Across the whole listing, copy out every line that includes the string "inverse".

== Segment start ==

(* Let $\mu\in\mathcal P_c^*(\mathbb R^2)$, $\mathbf A\in\mathrm{GL}(2)$, $\mathbf y\in\mathbb R^2$ and $\mu_{\mathbf A,\mathbf y}=(\mathbf A\cdot+\mathbf y)_\#\mu$. Then for every $\theta\in\mathbb S_1$, $$\mathcal N_\theta[\mu_{\mathbf A,\mathbf y}]=\mathcal N_{\mathbf A^\top\theta/\|\mathbf A^\top\theta\|}[\mu].$$
   Context: $\mathbb S_1=\{x\in\mathbb R^2:\|x\|=1\}$; $\mathcal R_\theta[\mu]=(\langle\cdot,\theta\rangle)_\#\mu$. Fix a reference Borel probability measure $\rho$ on $\mathbb R$ without atoms. For a probability measure $\nu$ on $\mathbb R$ with $F_\nu(t)=\nu((-\infty,t])$, $F_\nu^{[-1]}(t)=\inf\{s:F_\nu(s)>t\}$ and the CDT is $\hat\nu=F_\nu^{[-1]}\circ F_\rho$; $\widehat{\mathcal R}_\theta[\mu]$ is the CDT of $\mathcal R_\theta[\mu]$. For $g\in L^2_\rho(\mathbb R)$, $\operatorname{mean}(g)=\int g\,\mathrm d\rho$, $\operatorname{std}(g)=(\int|g-\operatorname{mean}(g)|^2\mathrm d\rho)^{1/2}$. $\mathcal P_c^*(\mathbb R^2)$ is the set of compactly supported Borel probability measures on $\mathbb R^2$ whose support has affine hull of dimension $>1$. For such $\mu$, the normalized R-CDT is $\mathcal N_\theta[\mu](t)=\big(\widehat{\mathcal R}_\theta[\mu](t)-\operatorname{mean}(\widehat{\mathcal R}_\theta[\mu])\big)/\operatorname{std}(\widehat{\mathcal R}_\theta[\mu])$, $t\in\mathbb R$. *)

From HB Require Import structures.
From mathcomp Require Import all_boot all_order all_algebra.
From mathcomp Require Import all_classical all_reals all_analysis.
Set Implicit Arguments. Unset Strict Implicit. Unset Printing Implicit Defensive.
Import Order.TTheory GRing.Theory Num.Theory.
Import numFieldNormedType.Exports.
Local Open Scope classical_set_scope.
Local Open Scope ring_scope.

Definition dot2 {R : realType} (x v : R * R) : R := x.1 * v.1 + x.2 * v.2.

Definition norm2 {R : realType} (x : R * R) : R := Num.sqrt (dot2 x x).

Definition S1 {R : realType} : set (R * R) := [set x | norm2 x = 1].

Definition mxapp2 {R : realType} (A : 'M[R]_2) (x : R * R) : R * R :=
  (A 0 0 * x.1 + A 0 1 * x.2, A 1 0 * x.1 + A 1 1 * x.2).

Definition scale2 {R : realType} (c : R) (x : R * R) : R * R := (c * x.1, c * x.2).

Definition affmap2 {R : realType} (A : 'M[R]_2) (y : R * R) (x : R * R) : R * R :=
  (( mxapp2 A x).1 + y.1, (mxapp2 A x).2 + y.2).

(* Support of a measure on R^2: points all of whose (open) balls have
   positive measure (= the smallest closed set of full measure). *)
Definition msupp {R : realType} (mu : set (R * R) -> \bar R) : set (R * R) :=
  [set x | forall e : R, 0 < e -> (0 < mu (ball x e))%E].

(* Dimension of the affine hull of S ⊆ R^2 is > 1, i.e. S contains three
   affinely independent points. *)
Definition affdim_gt1 {R : realType} (S : set (R * R)) : Prop :=
  exists x0 x1 x2, [/\ S x0, S x1, S x2 &
    (x1.1 - x0.1) * (x2.2 - x0.2) - (x1.2 - x0.2) * (x2.1 - x0.1) != 0].

Definition Pcstar {R : realType} (mu : probability (R * R)%type R) : Prop :=
  compact (msupp mu) /\ affdim_gt1 (msupp mu).

Definition radon {R : realType} (mu : set (R * R) -> \bar R) (theta : R * R)
  : set R -> \bar R := pushforward mu (fun x => dot2 x theta).

Definition cdf {R : realType} (nu : set R -> \bar R) (t : R) : R :=
  fine (nu [set` `]-oo, t]]).

(* Generalized inverse F^[-1](t) = inf { s | F(s) > t }, valued in the
   extended reals (inf of the empty set is +oo). *)
Definition ginv {R : realType} (F : R -> R) (t : R) : \bar R :=
  ereal_inf [set s%:E | s in [set s : R | t < F s]].

Definition cdt {R : realType} (rho : set R -> \bar R) (nu : set R -> \bar R)
  : R -> \bar R := fun t => ginv (cdf nu) (cdf rho t).

Definition mean {R : realType} (rho : probability R R) (g : R -> \bar R) : R :=
  fine (\int[rho]_x g x)%E.

Definition std {R : realType} (rho : probability R R) (g : R -> \bar R) : R :=
  Num.sqrt (fine (\int[rho]_x ((g x - (mean rho g)%:E) * (g x - (mean rho g)%:E)))%E).

Definition NRCDT {R : realType} (rho : probability R R)
  (mu : set (R * R) -> \bar R) (theta : R * R) : R -> \bar R :=
  fun t => let g := cdt rho (radon mu theta) in
    ((g t - (mean rho g)%:E) * ((std rho g)^-1)%:E)%E.

Definition mu_Ay {R : realType} (mu : set (R * R) -> \bar R) (A : 'M[R]_2)
  (y : R * R) : set (R * R) -> \bar R := pushforward mu (affmap2 A y).

(* Let v := A^T theta, c := |v| > 0, w := v / c and b := <y, theta>.  Since
   <A x + y, theta> = c <x, w> + b, the CDF of R_theta[mu_{A,y}] is that of
   R_w[mu] precomposed with s |-> (s - b) / c, so its generalized inverse, and
   hence its CDT, is c * CDT(R_w[mu]) + b; normalizing by mean and standard
   deviation removes any such positive affine change.  The CDT is +oo where
   F_rho reaches 1, a rho-null set since rho has no atoms, and bounded
   elsewhere since mu has compact support, so its mean and standard deviation
   are those of a bounded measurable function. *)

From Pilot Require Import Defs.
From HB Require Import structures.
From mathcomp Require Import all_boot all_order all_algebra.
From mathcomp Require Import all_classical all_reals all_analysis.
From mathcomp Require Import measurable_realfun.
From mathcomp Require Import ring.
Import Order.TTheory GRing.Theory Num.Theory.
Import numFieldNormedType.Exports.
Local Open Scope classical_set_scope.
Local Open Scope ring_scope.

== Segment end ==

▶ **WRITTEN ANSWER**:
(* Generalized inverse F^[-1](t) = inf { s | F(s) > t }, valued in the
   R_w[mu] precomposed with s |-> (s - b) / c, so its generalized inverse, and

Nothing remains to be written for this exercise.